If I should fall out of another tree, these pages will never be found.
Chapter Five
Last night I dreamt again. Not of the unknown child in the garden but of young men going to war and never returning.
‘What were they fighting over, in the Boer War?’ I’d once asked Father when we were up the oak.
‘Gold and diamonds, of course! No one cared about the Boer republics with their backcountry Dutch until riches were found beneath their feet! Remember, Frances, money greases the wheels of power.’
‘But wasn’t that unfair, Father?’ I nudged him, but not too hard that he might fall. ‘To fight a war only because you wanted to take so
meone else’s riches? Isn’t that a sort of burglary?’
‘Indeed, but the world is ruled by the Great Powers, child. That’s what mostly keeps the peace. Young upstart nations can’t be allowed to get above themselves – especially as a result of lucky geology.’
‘I don’t understand,’ I said to our history teacher a year after Julian McDonald’s visit, ‘why all those boys needed to die in the trenches? What did the Allies win?’
The Great War wasn’t about gold or diamonds or upstart nations.
My classmates exchanged glances.

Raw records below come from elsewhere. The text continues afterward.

Definition step_series (y : T) : \bar R := \sum_(0 <= k <oo) (w k * \1_(B k) y)%:E.

Hypothesis w_ge0 : forall k, (0 <= w k)%R.
Hypothesis measurable_B : forall k, measurable (B k).

Let step_ge0 k y : 0 <= (w k * \1_(B k) y)%:E.
Proof. by rewrite lee_fin mulr_ge0. Qed.

Let measurable_step k : measurable_fun setT (fun y => (w k * \1_(B k) y)%:E).
Proof.
by apply/measurable_EFinP/measurable_funM; [exact: measurable_cst|exact: measurable_indic].
Qed.

Lemma step_series_ge0 y : 0 <= step_series y.
Proof. exact: nneseries_ge0. Qed.

Lemma measurable_step_series : measurable_fun setT step_series.
Proof. exact: ge0_emeasurable_sum. Qed.

Lemma step_series_ge k y : B k y -> (w k)%:E <= step_series y.
Proof.
move=> Bky; apply: le_trans (nneseries_lim_ge k.+1 (fun n _ _ => step_ge0 n y)).
rewrite big_nat_recr //= indicE mem_set // mulr1 leeDr //.
by apply: sume_ge0 => n _; exact: step_ge0.
Qed.

Lemma integral_step_series (mu : {measure set T -> \bar R}) :
  \int[mu]_(y in setT) step_series y = \sum_(0 <= k <oo) (w k)%:E * mu (B k).
Proof.
rewrite integral_nneseries //; apply: eq_eseriesr => k _.
under eq_integral do rewrite EFinM.
rewrite ge0_integralZl ?integral_indic ?setIT ?lee_fin //.
exact/measurable_EFinP/measurable_indic.
Qed.

End step_series.

Section squares.
Context {R : realType}.
Implicit Types (c y : R * R) (r : R).

Definition square c r : set (R * R) :=
  `[c.1 - r, c.1 + r]%classic `*` `[c.2 - r, c.2 + r]%classic.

Perhaps, I could hear them thinking, Frances did indeed lose her mind in that fall. But she’d always asked odd questions, even before she fell out of the tree.
‘The corridors of power, Frances Whittington, are not open for judgement by ourselves!’ Mrs Beatrice Andrews retorted. We called her ‘Beagle’ on account of her oversized ears and ability to discern covert snacking beneath a raised desktop. ‘Our leaders explore every avenue to avoid war until such a path becomes unavoidable. Now,’ she gave me a quelling look, ‘the Great War is not our focus until next year; let us turn our attention back to the voyages of discovery. Columbus and the New World. The sea route around Africa.’
I stared out of the window and pictured the Dutch in their wooden sailing ships, anchoring beneath the gaze of a flat-topped mountain and wondering what lay on the alien shore, just as Columbus and his men must have thought on arriving in the Americas. Might they be hit by poisonous arrows from local tribes? Would they die from eating strange fruits?
There were consequences of my question to the Beagle.
‘Your teachers say you’re very outspoken, Frances,’ Mother observed, coming into the dining room after a parent–teacher meeting and unpinning her hat.
‘Quite right, too,’ put in Father, following her to the table where I was doing my homework. ‘We’ve taught Fran to engage. Not to be afraid to ask questions. It’s part of her education.’